Женя присел на ведро, ведь все они тоже сидели в раме дверной коробки, сидели под портретом Лиды, перевязанным черной газовой лентой для волос.

В коридор вышел Серега, икнул.

– Вишь, как, малец-то, получилось, приказала мамка долго…- Его шатало.

Держась за стену, Серега добрался до туалета, потом вышел, дверь захлопнулась, перестав освещать Женю, отрезав тени.

Опять стало темно.

Женя на ощупь пробрался к комнате матери. Зашел. Тут вкусно пахло сырой затхлостью, обои вздулись и трещали, когда протапливали печь, зеркало задернуто сукном, а иначе и быть не могло, потому как лампу с налетом извести и клея вывернули, провода перемещались в поле стены, вдоль двери перемещались, а на потолке свет уличных фонарей рисовал ветки, раскачиваемые ветром. Женя подумал: осень, ежедневный дождь, волглые листья залепливают окно, жесть с крыши сарая улетела, скоро снег.

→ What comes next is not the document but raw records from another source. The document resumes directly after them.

Lemma bernoulli_odds_le (R : realFieldType) (a b t : R) :
  0 < a -> b < 1 -> a <= t <= b ->
  1 - t <= (a^-1 + (1 - b)^-1) * t /\ t <= (a^-1 + (1 - b)^-1) * (1 - t).
Proof.
move=> a_gt0 b_lt1 /andP[a_le_t t_le_b].
have t_gt0 : 0 < t := lt_le_trans a_gt0 a_le_t.
have t_lt1 : 0 < 1 - t by rewrite subr_gt0; apply: le_lt_trans b_lt1.
have ia : 0 <= a^-1 by rewrite invr_ge0 ltW.
have ib : 0 <= (1 - b)^-1 by rewrite invr_ge0 subr_ge0 ltW.
have a1 : 1 <= a^-1 * t by rewrite ler_pdivlMl // mulr1.
have b1 : 1 <= (1 - b)^-1 * (1 - t) by rewrite ler_pdivlMl ?subr_gt0 // mulr1 lerB.
have := mulr_ge0 ib (ltW t_gt0); have := mulr_ge0 ia (ltW t_lt1).
by rewrite !mulrDl; split; lra.
Qed.

Section ProductMeasure.
Variables (R : realType) (N : nat) (varrho : R * R -> R) (a b : R).
Hypotheses (a_gt0 : 0 < a) (b_lt1 : b < 1).
Hypothesis varrho_bd : forall y : VT R N, a <= varrho (val y) <= b.

Lemma bernoulli_weight_ge0 (e : bool) (y : VT R N) :
  0 <= if e then varrho (val y) else 1 - varrho (val y).
Proof.
have /andP[a_le le_b] := varrho_bd y.
by case: e; [apply: le_trans a_le; apply: ltW | rewrite subr_ge0 (le_trans le_b) ?ltW].
Qed.

Lemma nu_ge0 (eta : Omega R N) : 0 <= nu varrho eta.
Proof. by apply: prodr_ge0 => y _; apply: bernoulli_weight_ge0. Qed.

Lemma nu_flip_le (x : VT R N) (eta : Omega R N) :
  nu varrho (flip eta x) <= (a^-1 + (1 - b)^-1) * nu varrho eta.
Proof.
have [odds_le odds_ge] := bernoulli_odds_le a_gt0 b_lt1 (varrho_bd x).
rewrite /nu (bigD1 x) //= [X in _ <= _ * X](bigD1 x) //= mulrA.
rewrite (eq_bigr (fun y => if eta y then varrho (val y) else 1 - varrho (val y))).
  apply: ler_wpM2r; first by apply: prodr_ge0 => y _; apply: bernoulli_weight_ge0.
  by rewrite ffunE eqxx; case: (eta x).
by move=> y /negbTE y_neq_x; rewrite ffunE y_neq_x.
Qed.

End ProductMeasure.

Lemma flipK (R : realType) N (x : VT R N) : involutive (fun eta : Omega R N => flip eta x).
Proof. by move=> eta; apply/ffunP => y; rewrite !ffunE; case: (y == x); rewrite ?negbK. Qed.

Section Lattice.
Variable R : realType.
Notation P := (R * R)%type.

Definition rescale (N : nat) (x v : P) : P := (x.1 + v.1 / 2 ^+ N, x.2 + v.2 / 2 ^+ N).

(* the triangular lattice spanned by a_0 - a_1 and a_2 - a_1 *)
Definition lattice_pt (i j : int) : P :=
  (i%:~R / 2 + j%:~R, i%:~R * (Num.sqrt 3 / 2)).

Definition vertex_coords (a : 'I_3) : int * int :=
  if val a == 0%N then (1, 0) else if val a == 1%N then (0, 0) else (0, 1).

Lemma avert_lattice (a : 'I_3) :
  avert R a = lattice_pt (vertex_coords a).1 (vertex_coords a).2.
Proof.
by case: a => [[|[|[|?]]] ?] //; rewrite /avert /lattice_pt /=;
  congr pair; rewrite ?(mul0r, mul1r, addr0, add0r).
Qed.

Lemma rescale_latticeD N x i j i' j' :
  rescale N (rescale N x (lattice_pt i j)) (lattice_pt i' j')
  = rescale N x (lattice_pt (i + i') (j + j')).
Proof. by rewrite /rescale /lattice_pt /= !intrD; congr pair; ring. Qed.

Lemma rescaleK N (x v : P) :
  (2 ^+ N * ((rescale N x v).1 - x.1), 2 ^+ N * ((rescale N x v).2 - x.2)) = v.
Proof.
have two_neq0 : (2 : R) ^+ N != 0 by rewrite expf_neq0 // pnatr_eq0.
by case: v => v1 v2; rewrite /rescale /=; congr pair; field.
Qed.

Lemma phiw_rescale (w : seq 'I_3) : exists b : P, phiw w =1 rescale (size w) b.
Proof.
elim: w => [|i w [b IH]].
  by exists (0, 0) => -[p1 p2]; rewrite /rescale /= expr0 !divr1 !add0r.
exists ((b.1 + (avert R i).1) / 2, (b.2 + (avert R i).2) / 2) => p.
have two_neq0 : (2 : R) ^+ size w != 0 by rewrite expf_neq0 // pnatr_eq0.
by rewrite /= IH /phi /rescale /= exprS; congr pair; field.
Qed.

Lemma adj_lattice N (x y : P) : adj N x y ->
  exists i j : int, `|i| <= 1 /\ `|j| <= 1 /\ y = rescale N x (lattice_pt i j).
Proof.
move=> [_ [w [/mapP[a _ ->] /mapP[b _ ->]]]].
have [s s_eq] := phiw_rescale (val w); rewrite !s_eq size_tuple !avert_lattice.
set ea := vertex_coords a; set eb := vertex_coords b.
exists (eb.1 - ea.1), (eb.2 - ea.2).
split; [|split]; last by rewrite rescale_latticeD !subrKC.
all: by rewrite /ea /eb {ea eb}; case: a => [[|[|[|?]]] ?]; case: b => [[|[|[|?]]] ?].
Qed.

Lemma walk_lattice N (p : seq P) (x y : P) : walk N x p y ->
  exists i j : int, `|i| <= (size p)%:Z /\ `|j| <= (size p)%:Z /\
    y = rescale N x (lattice_pt i j).
Proof.
elim: p x => [|z p IH] x /=.
  move=> ->; exists 0, 0; do 2 split => //.
  by case: y => y1 y2; rewrite /rescale /lattice_pt /= !(mul0r, addr0).
case=> /adj_lattice[i [j [i_le [j_le ->]]]] /IH[i' [j' [i'_le [j'_le ->]]]].
exists (i + i'), (j + j'); rewrite rescale_latticeD -add1n PoszD.
by split; [|split] => //; apply: le_trans (ler_normD _ _) _; apply: lerD.
Qed.
(* Let $n\geq 2$ and let $\mathcal R(P_n)=u_1,\ldots,u_k$, so $u_1>_{\mathcal R}\cdots>_{\mathcal R}u_k$. Let $1<i<j\leq k$, and suppose $u_j$ is divisible by some variable belonging to the ideal $(u_1,\ldots,u_{i-1}):(u_i)$. Then either $u_iu_j$ is not a minimal generator of $J(P_n)^2$, or the expression $u_iu_j$ is not the maximal expression of the monomial $u_iu_j$.
   Context: Let $K$ be a field and $S=K[x_1,\ldots,x_n]$. For $m\geq 1$, $P_m$ is the path graph on vertices $x_1,\ldots,x_m$ with edges $\{x_i,x_{i+1}\}$. The cover ideal $J(P_m)$ is generated by the monomials $\prod_{x\in C}x$ with $C$ a minimal vertex cover of $P_m$. For a monomial ideal $I$, $G(I)$ is its set of minimal monomial generators and $F(I^2)=\{uv:u,v\in G(I)\}$. The rooted list $\mathcal R(P_m)$ is defined recursively: $\mathcal R(P_1)$ empty; $\mathcal R(P_2)=x_1,x_2$; $\mathcal R(P_3)=x_2,x_1x_3$; $\mathcal R(P_4)=x_1x_3,x_2x_3,x_2x_4$; for $m\geq5$, if $\mathcal R(P_{m-2})=u_1,\ldots,u_r$ and $\mathcal R(P_{m-3})=v_1,\ldots,v_s$, then $\mathcal R(P_m)=x_{m-1}u_1,\ldots,x_{m-1}u_r,x_mx_{m-2}v_1,\ldots,x_mx_{m-2}v_s$; it lists each element of $G(J(P_m))$ once, and $w_i>_{\mathcal R}w_j$ iff $w_i$ precedes $w_j$. With $\mathcal R(P_m)=u_1,\ldots,u_q$, each $M\in F(J(P_m)^2)$ can be written $u_1^{a_1}\cdots u_q^{a_q}$ with $a_i\geq0$, $\sum a_i=2$; the maximal expression of $M$ is the one with lexicographically largest exponent vector $(a_1,\ldots,a_q)$. ''The expression $u_iu_j$ is maximal'' means the exponent vector $e_i+e_j$ is that of the maximal expression of the monomial $u_iu_j$. *)

From mathcomp Require Import all_boot.
Set Implicit Arguments. Unset Strict Implicit. Unset Printing Implicit Defensive.
Lemma zprod0 A : zprod 1 0 A = 1.
Proof. by rewrite (zprod_nat A 0) big_ord0. Qed.

Lemma zprod_recr A : (forall j, A j != 0) ->
  forall m, zprod 1 m A = zprod 1 (m - 1) A * A m.
Proof.
move=> A_neq0 [[|n]|n].
- by rewrite zprod0 sub0r (zprod_negz A 0) big_ord1 /= mulVf.
- rewrite zprod_nat big_ord_recr (_ : n.+1%:Z - 1 = n) ?zprod_nat /=; last by lia.
  by congr (_ * A _); lia.
- rewrite NegzE (_ : - n.+1%:Z - 1 = - n.+2%:Z) ?zprod_negz; last by lia.
  rewrite [in RHS]big_ord_recl /= (_ : - n.+2%:Z + 1 + 0%:Z = - n.+1%:Z); last by lia.
  rewrite mulrC mulrA mulfV // mul1r.
  by apply: eq_bigr => i _; congr (A _)^-1; rewrite /bump /=; lia.
Qed.

Lemma zprodM A B m :
  zprod 1 m (fun j => A j * B j) = zprod 1 m A * zprod 1 m B.
Proof.
case: m => n; first by rewrite !zprod_nat big_split.
by rewrite NegzE !zprod_negz -big_split; apply: eq_bigr => i _; rewrite invfM.
Qed.

Lemma zprod1 A m : (forall j, A j = 1) -> zprod 1 m A = 1.
Proof.
move=> A1; case: m => n; first by rewrite zprod_nat big1.
by rewrite NegzE zprod_negz big1 // => i _; rewrite A1 invr1.
Qed.

Lemma eq_zprod A B m : A =1 B -> zprod 1 m A = zprod 1 m B.
Proof. by move=> /boolp.funext ->. Qed.

Lemma zprod_neq0 A m : (forall j, A j != 0) -> zprod 1 m A != 0.
Proof.
move=> A_neq0; case: m => n; rewrite ?NegzE ?zprod_nat ?zprod_negz prodf_seq_neq0.
  by apply/allP => i _; rewrite A_neq0.
by apply/allP => i _; rewrite invr_eq0 A_neq0.
Qed.

Lemma zprod_rev A m u : (forall j, A j != 0) ->
  zprod 1 u (fun j => (A (m + 1 - j))^-1) * zprod 1 m A = zprod 1 (m - u) A.
Proof.
move=> A_neq0; have Ainv_neq0 j : (A (m + 1 - j))^-1 != 0 by rewrite invr_eq0.
move: u; apply: (@mulr_recurrence_eq (fun u => zprod 1 u _ * _)
  (fun u => zprod 1 (m - u) A) _ Ainv_neq0) => /= [|u|u].
- by rewrite zprod0 mul1r subr0.
- by rewrite (zprod_recr Ainv_neq0) mulrAC.
- rewrite [zprod 1 (m - (u - 1)) A](zprod_recr A_neq0).
  rewrite (_ : m - (u - 1) - 1 = m - u); last by lia.
  by rewrite (_ : m + 1 - u = m - (u - 1)) ?mulfK //; lia.
Qed.

End IntProducts.

Section Signs.
Context {R : realType}.
Local Notation C := R[i].

Definition altsgn (k : int) : C := (-1) ^ k * sgn k.

Lemma sgn_ge0 (k : int) : 0 <= k -> sgn k = 1 :> C.
Proof. by rewrite /sgn => ->. Qed.

Lemma sgn_lt0 (k : int) : k < 0 -> sgn k = -1 :> C.
Proof. by rewrite /sgn leNgt => ->. Qed.

Lemma sgn_opp_sub1 (k : int) : sgn (- k - 1) = - sgn k :> C.
Proof.
have [k0|k0] := lerP 0 k; first by rewrite (sgn_ge0 k0) sgn_lt0 //; lia.
by rewrite (sgn_lt0 k0) sgn_ge0 ?opprK //; lia.
Qed.

Lemma expN1zD_sub (k n : int) : (-1) ^ k * (-1) ^ n = (-1) ^ (n - k) :> C.
Proof.
have N1_neq0 : (-1 : C) != 0 by rewrite oppr_eq0 oner_eq0.
by rewrite -{1}(subrK k n) expfzDr // mulrC -mulrA -expfzMl mulrNN mulr1 exp1rz mulr1.
Qed.

Lemma altsgn0 : altsgn 0 = 1.
Proof. by rewrite /altsgn sgn_ge0 // mulr1. Qed.

Lemma altsgn_recr m : altsgn m = altsgn (m - 1) * (if m == 0 then 1 else -1).
Proof.
rewrite /altsgn -{1}(subrK 1 m) expfzDr ?oppr_eq0 ?oner_eq0 // expr1z.
have [->|m0] := eqVneq m 0; first by rewrite sgn_ge0 // sgn_lt0 //; ring.
have [m_ge0|m_lt0] := lerP 0 m.
  by rewrite (sgn_ge0 m_ge0) (sgn_ge0 (k := m - 1)); [ring | lia].
by rewrite (sgn_lt0 m_lt0) (sgn_lt0 (k := m - 1)); [ring | lia].
Qed.

Lemma altsgnK k : altsgn k * altsgn k = 1.
Proof.
rewrite /altsgn mulrACA -expfzMl mulrNN mulr1 exp1rz mul1r.
by have [k0|k0] := lerP 0 k; rewrite ?(sgn_ge0 k0) ?(sgn_lt0 k0) ?mulrNN mulr1.
Qed.

End Signs.

Section EllipticBinomials.
Variable R : realType.
Local Notation C := R[i].
Variables p q : C.
Hypotheses (p_lt1 : Normc.normc p < 1) (q_neq0 : q != 0).
Local Notation T z := (theta z p).
Local Notation w x y := (ew x y q p).
Local Notation W x y := (eW x y q p).

Definition generic_pair (x y : C) :=
  [/\ x != 0, y != 0, forall m : int, T (x * q ^ m) != 0,
      forall m : int, T (y * q ^ m) != 0 & forall m : int, T (x * q ^ m / y) != 0].

Ltac neq0 := repeat (apply/andP; split); repeat match goal with
  | |- is_true (_ * _ != 0) => apply: mulf_neq0
  | |- is_true (_^-1 != 0) => rewrite invr_eq0
  | |- is_true (- _ != 0) => rewrite oppr_eq0
  | |- is_true (q ^ _ != 0) => exact: expfz_neq0
  | H : forall m : int, is_true (theta (?a * q ^ m) p != 0)
    |- is_true (theta (?a * q ^ _) p != 0) => apply: H
  | H : forall m : int, is_true (theta (?a * q ^ m / ?b) p != 0)
    |- is_true (theta (?a * q ^ _ / ?b) p != 0) => apply: H
  | _ => assumption
  end.

Lemma thetaV_eq z u : z != 0 -> u = z^-1 -> T u = - u * T z.
Proof. by move=> z_neq0 ->; exact: (thetaV p_lt1). Qed.

(* The shapes in which the inversion is needed: they turn the thetas in the weights for
   the pairs (y, x) and (1/x, y/x) into the thetas controlled by [generic_pair x y]. *)
Section Inversions.
Variables x y : C.
Hypotheses (x_neq0 : x != 0) (y_neq0 : y != 0).
Variable m : int.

Теперь голоса звучали где-то очень далеко, и, может быть, впервые в доме сделалось тихо, и можно было спокойно смотреть туда, где существовала аллея, скамейки, зеленый дощатый забор без щелей, скелет кровати – пружинами в темноту, без полосатого, пахнущего мочой тюфяка, перепаханная кривая дорога, тянущаяся к краю леса, часть поля и рыжие песочные горы на глиняных разработках, обозреваемые по касательной к плоскости пыльного, покрытого мушиными трупами подоконника. А еще дальше – на огороде – огромная ржавая бочка из-под топлива, в которой обмывали мышей, раздавленных железной рамой на пружине.

Женя подошел к подоконнику, воображая его почти настоящим кладбищем, на котором и похоронили его мать. Ну, разумеется, разумеется, игрушечным – кресты из спичек, ограды из клееных коробков, свежая земля (из горшков для домашних растений), размятая пальцем, и резиновые трубы-кишки, из которых на кафельные столы льется вода. Старые маленькие старательные девочки погребали тут своих любимых голеньких куколок – целлулоидных, целомудренных,- обряжали их в дырявые войлочные подстилки и… в добрый путь!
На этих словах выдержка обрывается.